En somme, l'œuvre de la Révolution a été dans l'ordre scolaire ce qu'elle a été dans l'ordre des choses sociales et politiques. L'effervescence révolutionnaire a été éminemment créatrice d'idées neuves ; mais, pour ces idées, la Révolution n'a pas su créer d'organes qui les fassent vivre, d'institutions qui les réalisent. Soit parce que ses conceptions étaient souvent démesurées, soit parce que les institutions ne s'improvisent pas, ne se tirent pas du néant, et que, celles de l'Ancien Régime étant abattues, les matériaux indispensables pour les reconstructions nécessaires faisaient défaut, soit plutôt pour l'une et l'autre raison à la fois, la Révolution a proclamé des principes théoriques plus qu'elle n'en a fait des réalités. Même les tentatives qu'elle a faites pour les réaliser se sont souvent retournées contre eux ; car, comme ces entreprises ont généralement échoué, les échecs ont passé pour une condamnation des idées dont elles s'inspiraient et qui, pourtant, devaient survivre à un mouvement de réaction qui, avec des oscillations diverses, a rempli la majeure partie du XIXe siècle, et que l'on a eu tant de peine à enrayer et à remonter. C'est à cette tâche qu'a été employé, pendant tout ce temps, le meilleur de nos forces intellectuelles.

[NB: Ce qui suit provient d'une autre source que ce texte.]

Lemma source_path_to_sink s : s \in sources ->
  exists e, [/\ connect next (eo s) e, flow_head e \in T & e = eo (flow_head e)].
Proof.
move=> s_src; have [e [ce stop_e]] :=
  connect_step_stop next_edge_inj (source_edge_no_pred s_src).
have [fs _] := source_edge s_src.
by have [] := stop_edge_sink (connect_next_flow ce fs) stop_e; exists e.
Qed.

Lemma card_sources k : flow_value ends S f = k%:Z -> #|sources| = k.
Proof.
case: unit_f => _ _ out_S _.
have out_src s : s \in S -> outflow ends f s = b2z (s \in sources).
  move=> sS; rewrite inE sS /=; have := out_S s sS.
  rewrite outflow_open_end ?in_setU ?sS // /incidence /b2z.
  by case: (_ == _); case: (_ == _); case: (unit_flow_values (eo s)) => [->|[->|->]];
    rewrite /= ?eqxx //= => ?; lia.
rewrite /flow_value (eq_bigr _ out_src) big_mkcond /=.
rewrite (eq_bigr (fun s => b2z (s \in sources))); last first.
  by move=> s _; case: ifP => // sS; rewrite inE sS.
by rewrite sum_b2z_card => -[].
Qed.

End FlowPaths.

Lemma mxrank_diag_minor (F : fieldType) m n (I : finType) (B : 'M[F]_(m, n))
    (row_of : I -> 'I_m) (col_of : I -> 'I_n) :
  (forall i j, (B (row_of i) (col_of j) != 0%R) = (i == j)) -> (#|I| <= \rank B)%N.
Proof.
move=> B_diag; pose elt (k : 'I_#|I|) : I := enum_val k.
pose M := mxsub (row_of \o elt) (col_of \o elt) B.
have rank_M : (\rank M <= \rank B)%N.
  rewrite /M mxsubrc rowsubE -[B in colsub _ B]mulmx1 -mulmx_colsub.
  exact: leq_trans (mxrankM_maxr _ _) (mxrankM_maxl _ _).
have M_diag : M = diag_mx (\row_i M i i).
  apply/matrixP => i j; rewrite !mxE; have [->|ne] := eqVneq i j; first by rewrite mulr1n.
  apply/eqP; rewrite mulr0n -[_ == 0%R]negbK B_diag.
  by apply: contra ne => /eqP/enum_val_inj ->.
suff M_unit : M \in unitmx by rewrite -(mxrank_unit M_unit).
rewrite M_diag unitmxE det_diag unitfE; apply/prodf_neq0 => i _.
by rewrite !mxE B_diag.
Qed.

Lemma rank_beta_le_QMF (Nd E : finType) (c : E -> nat) (ord : Nd -> seq E)
    (eo : Nd -> E) (C : numClosedFieldType) (S T : {set Nd}) (Tv : assignment c ord C) :
  (\rank (beta eo S T Tv) <= QMF c ord eo C S T)%N.
Proof.
have rank_lt : (\rank (beta eo S T Tv) < #|{: oidx c eo T}|.+1)%N.
  by rewrite ltnS rank_leq_row.
apply: (@leq_bigmax_cond _ _ (fun r : 'I__ => nat_of_ord r) (Ordinal rank_lt)).
by rewrite /decide; case: excluded_middle_informative => // -[]; exists Tv.
Qed.

Section CopyTensor.
Variables (Nd E : finType) (ends : E -> Nd * Nd) (S T : {set Nd}).
Variables (c : E -> nat) (ord : Nd -> seq E) (eo : Nd -> E).
Hypothesis template : is_template ends S T c ord eo.
Variables (C : numClosedFieldType) (f : E -> int) (d : nat).
Hypothesis unit_f : is_unit_flow ends S T f.
Hypothesis d_le_c : forall e, (d <= c e)%N.
Local Open Scope ring_scope.

Local Notation next := (succ_rel (next_edge ends S T f)).
Local Notation flow_head := (flow_head ends f).
Local Notation sources := (sources ends S f).

Let open_ends : forall u, u \in S :|: T ->
  degree ends u = 1%N /\ (0 < nends ends (eo u) u)%N.
Proof. by case: template. Qed.

Lemma c_gt0 e : (0 < c e)%N. Proof. by case: template. Qed.

Lemma mem_ord v e : v \in verts S T -> (0 < nends ends e v)%N -> e \in ord v.
Proof.
case: template => _ _ _ count_ord vV e_v; apply/negPn/negP => /count_memPn.
by move: e_v; rewrite -count_ord // => /[swap] ->.
Qed.

Lemma restr_val (W W' : eidx c) v e : restr ord W' v = restr ord W v -> e \in ord v ->
  val (W' e) = val (W e).
Proof.
move=> eq_restr e_ord.
have idx_lt : (index e (ord v) < size (ord v))%N by rewrite index_mem.
move: eq_restr => /ffunP/(_ (Ordinal idx_lt)); rewrite !ffunE => /(congr1 val).
by rewrite (tnth_nth e) /= nth_index.
Qed.

Definition ord_mod e (m : nat) : 'I_(c e) := Ordinal (ltn_pmod m (c_gt0 e)).

Lemma val_ord_mod e m : (m < d)%N -> val (ord_mod e m) = m.
Proof. by move=> lt_md; rewrite /= modn_small // (leq_trans lt_md (d_le_c e)). Qed.

Definition copies_at v (W : eidx c) : bool :=
  [forall e, forall e', ((flow_head e == v) && next e e') ==> (val (W e) == val (W e'))].

Definition copy_tensor : assignment c ord C := fun v =>
  [ffun y => if [exists W : eidx c, (restr ord W v == y) && copies_at v W] then 1 else 0].

Lemma copies_at_restr (W W' : eidx c) v : v \in verts S T ->
  restr ord W' v = restr ord W v -> copies_at v W' = copies_at v W.
Proof.
move=> vV eq_restr; apply: eq_forallb => e; apply: eq_forallb => e'.
have [/andP[/eqP head_e next_e]|] //= := boolP ((flow_head e == v) && next e e').
have [_ _ _] := next_edgeP unit_f (eqP next_e); rewrite inE head_e => /andP[_ /eqP tail_e'].
have e_ord : e \in ord v by apply: mem_ord vV _; rewrite -head_e nends_flow_head.
have e'_ord : e' \in ord v by apply: mem_ord vV _; rewrite -tail_e' nends_flow_tail.
by rewrite (restr_val eq_restr e_ord) (restr_val eq_restr e'_ord).
Qed.

Lemma copy_tensor_restr (W : eidx c) v : v \in verts S T ->
  copy_tensor v (restr ord W v) = if copies_at v W then 1 else 0.
Proof.
move=> vV; rewrite /copy_tensor ffunE; have [copies|not_copies] := boolP (copies_at v W).
  by rewrite (_ : [exists _, _] = true) //; apply/existsP; exists W; rewrite eqxx copies.
case: existsP => // -[W' /andP[/eqP eq_restr copies']].
by rewrite (copies_at_restr vV eq_restr) (negbTE not_copies) in copies'.
Qed.
(* Split each (k+d)-set u into its first d coordinates t and its last k coordinates
   (the tail).  For a plegma family (u_j)_{j<m} in [N]^{k+d}, the sets M2[t_j] form a
   plegma family in [M2]^d, so the vectors y_{M2[t_j]} are successive blocks.  Every
   entry of every t_j lies below the first tail coordinate a of u_0, and there are only
   finitely many d-sets below a, so all these blocks are supported in [0, B(a)) with
   coefficients bounded by B(a).
   Put x'_u := sum_{n < B(b)} y_{M2[t]}(n) x_{sigma(u,n)}, b the first tail coordinate
   of u, where the k-sets sigma(u,n) are read off the tail of u through M, in windows
   of length B placed beyond an index L(a) at which the spreading-model error of x is
   below 1 / ((B(a)+1)(a+1)).  Since the blocks are disjoint,
   sum_j a_j x'_{u_j} = sum_n (a_{J n} y_{M2[t_{J n}]}(n)) x_{sigma(u_{J n}, n)}, with
   J n the block owning n, and the sets sigma(u_{J n}, n) form a plegma family in [M]^k.
   Hence ||sum_j a_j x'_{u_j}|| is within 1/(l+1) of ||sum_j a_j y_{M2[t_j]}||, which
   is within delta'_l of ||sum_j a_j e~_j||. *)

From Stdlib Require Import Reals List Lra Lia.
From Stdlib Require Import FunctionalExtensionality IndefiniteDescription Classical.
Open Scope R_scope.

Section VectorSums.

Variable X : BanachSpace.

Fixpoint vsum (m : nat) (f : nat -> X) : X :=
  match m with
  | O => vzero X
  | S m' => vadd X (vsum m' f) (f m')
  end.

Lemma lincomb_vsum m a v : lincomb X m a v = vsum m (fun j => vscal X (a j) (v j)).
Proof. induction m as [|m IH]; simpl; congruence. Qed.

Lemma vscal_0_l x : vscal X 0 x = vzero X.
Proof. apply vnorm_def. rewrite vnorm_scal, Rabs_R0. ring. Qed.

Lemma vnorm_vzero : vnorm X (vzero X) = 0.
Proof. rewrite <- (vscal_0_l (vzero X)), vnorm_scal, Rabs_R0. ring. Qed.

Lemma vscal_vzero c : vscal X c (vzero X) = vzero X.
Proof. apply vnorm_def. rewrite vnorm_scal, vnorm_vzero. ring. Qed.

Lemma vadd_vzero_l x : vadd X (vzero X) x = x.
Proof. rewrite vadd_comm. apply vadd_zero. Qed.

Lemma vadd_ACA x y z w :
  vadd X (vadd X x y) (vadd X z w) = vadd X (vadd X x z) (vadd X y w).
Proof. rewrite <- !vadd_assoc. f_equal. rewrite !vadd_assoc. f_equal. apply vadd_comm. Qed.

Lemma vsum_ext m f g : (forall j, (j < m)%nat -> f j = g j) -> vsum m f = vsum m g.
Proof.
  induction m as [|m IH]; intros H; simpl; [reflexivity|].
  rewrite IH by (intros; apply H; lia). rewrite H by lia. reflexivity.
Qed.

Lemma vsum_vzero m : vsum m (fun _ => vzero X) = vzero X.
Proof. induction m as [|m IH]; simpl; [|rewrite IH]; auto using vadd_zero. Qed.

Lemma vsum_add m f g :
  vsum m (fun n => vadd X (f n) (g n)) = vadd X (vsum m f) (vsum m g).
Proof.
  induction m as [|m IH]; simpl; [symmetry; apply vadd_zero|].
  rewrite IH. apply vadd_ACA.
Qed.

Lemma vscal_vsum m c f : vscal X c (vsum m f) = vsum m (fun n => vscal X c (f n)).
Proof.
  induction m as [|m IH]; simpl; [apply vscal_vzero|].
  rewrite vscal_distr_v, IH. reflexivity.
Qed.

Lemma vsum_single m f j0 : (j0 < m)%nat ->
  (forall j, (j < m)%nat -> j <> j0 -> f j = vzero X) -> vsum m f = f j0.
Proof.
  induction m as [|m IH]; intros Hj0 H; [lia|]. simpl.
  destruct (Nat.eq_dec j0 m) as [->|Hne].
  - rewrite (vsum_ext m f (fun _ => vzero X)) by (intros; apply H; lia).
    rewrite vsum_vzero. apply vadd_vzero_l.
  - rewrite IH by (try lia; intros; apply H; lia). rewrite (H m) by lia. apply vadd_zero.
Qed.

Lemma vsum_widen p q f : (forall n, (p <= n)%nat -> f n = vzero X) -> (p <= q)%nat ->
  vsum q f = vsum p f.
Proof.
  intros H Hpq. induction Hpq as [|q Hpq IH]; simpl; [reflexivity|].
  rewrite IH, H by lia. apply vadd_zero.
Qed.

Lemma vsum_exchange m p (h : nat -> nat -> X) :
  vsum m (fun j => vsum p (h j)) = vsum p (fun n => vsum m (fun j => h j n)).
Proof.
  induction m as [|m IH]; simpl; [symmetry; apply vsum_vzero|].
  rewrite IH, <- vsum_add. reflexivity.
Qed.

End VectorSums.

Lemma lincombf_eq0 m a v i : (forall j, (j < m)%nat -> v j i = 0) -> lincombf m a v i = 0.
Proof.
  induction m as [|m IH]; intros H; simpl; [reflexivity|].
  rewrite IH by (intros; apply H; lia). rewrite (H m) by lia. ring.
Qed.

Lemma lincombf_single m a v i j0 : (j0 < m)%nat ->
  (forall j, (j < m)%nat -> j <> j0 -> v j i = 0) -> lincombf m a v i = a j0 * v j0 i.
Proof.
  induction m as [|m IH]; intros Hj0 H; [lia|]. simpl.
  destruct (Nat.eq_dec j0 m) as [->|Hne].
  - rewrite lincombf_eq0 by (intros; apply H; lia). ring.
  - rewrite IH by (try lia; intros; apply H; lia). rewrite (H m) by lia. ring.
Qed.

Lemma seminorm_trunc0 (N : (nat -> R) -> R) a : is_seminorm N -> N (trunc 0 a) = 0.
Proof.
  intros [_ Hhom].
  replace (trunc 0 a) with (fun n : nat => 0 * (fun _ : nat => 0) n)
    by (apply functional_extensionality; intros n; unfold trunc; simpl; ring).
  rewrite Hhom by (exists 0%nat; auto). rewrite Rabs_R0. ring.
Qed.

Lemma chain_lt (f : nat -> nat) K : (forall i, (S i < K)%nat -> (f i < f (S i))%nat) ->
  forall i i', (i < i')%nat -> (i' < K)%nat -> (f i < f i')%nat.
Proof.
  intros H i i' Hlt. induction Hlt as [|i' Hle IH]; intros HK; [apply H; lia|].
  specialize (IH ltac:(lia)). specialize (H i' HK). lia.
Qed.

Lemma chain_le (f : nat -> nat) K : (forall i, (S i < K)%nat -> (f i < f (S i))%nat) ->
  forall i i', (i <= i')%nat -> (i' < K)%nat -> (f i <= f i')%nat.
Proof.
  intros H i i' Hle HK. destruct (proj1 (Nat.lt_eq_cases i i') Hle) as [Hlt| ->]; [|lia].
  apply Nat.lt_le_incl, (chain_lt f K H); assumption.
Qed.

Lemma strictly_increasing_le M i j : strictly_increasing M -> (i <= j)%nat -> (M i <= M j)%nat.
Proof.
  intros HM Hij. destruct (proj1 (Nat.lt_eq_cases i j) Hij) as [Hlt| ->]; [|lia].
  apply Nat.lt_le_incl, HM, Hlt.
Qed.

Lemma kset_in_id M K t : kset_in M K t -> kset_in (fun n => n) K t.
Proof. intros [Hlen [Hinc _]]. split; [exact Hlen|split; [exact Hinc|]]. intros i _; eauto. Qed.

Section Plegma.

Variables (M : nat -> nat) (K m : nat) (s : nat -> list nat).
Hypothesis hs : plegma M K m s.

Lemma plegma_row_lt j i i' : (j < m)%nat -> (i < i')%nat -> (i' < K)%nat ->
  (nth i (s j) 0 < nth i' (s j) 0)%nat.
Proof. intros Hj. apply (chain_lt (fun i => nth i (s j) 0%nat) K), (proj1 hs j Hj). Qed.

Lemma plegma_row_le j i i' : (j < m)%nat -> (i <= i')%nat -> (i' < K)%nat ->
  (nth i (s j) 0 <= nth i' (s j) 0)%nat.
Proof. intros Hj. apply (chain_le (fun i => nth i (s j) 0%nat) K), (proj1 hs j Hj). Qed.

Lemma plegma_col_lt i j j' : (i < K)%nat -> (j < j')%nat -> (j' < m)%nat ->
  (nth i (s j) 0 < nth i (s j') 0)%nat.
Proof. intros Hi. apply (chain_lt (fun j => nth i (s j) 0%nat) m). intros; apply hs; auto. Qed.

Lemma plegma_col_le i j j' : (i < K)%nat -> (j <= j')%nat -> (j' < m)%nat ->
  (nth i (s j) 0 <= nth i (s j') 0)%nat.
Proof. intros Hi. apply (chain_le (fun j => nth i (s j) 0%nat) m). intros; apply hs; auto. Qed.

On peut dire que, finalement, le seul résultat à peu près de tout cet effort est de nous avoir ramenés au point de départ, d'avoir reposé le problème pédagogique - et j'en pourrais dire autant de bien d'autres - presque dans les termes où il s'était posé de lui-même au début de la Révolution, sauf que nous sommes avertis par une longue expérience dont nous pouvons tenir compte. Il en résulte que l'histoire scolaire du XIXe siècle n'est pas très riche en nouveautés ; ce n'est qu'un lent et progressif réveil d'idées que le XVIIIe siècle connut déjà ; aussi ne sera-t-il pas nécessaire de nous y arrêter longuement.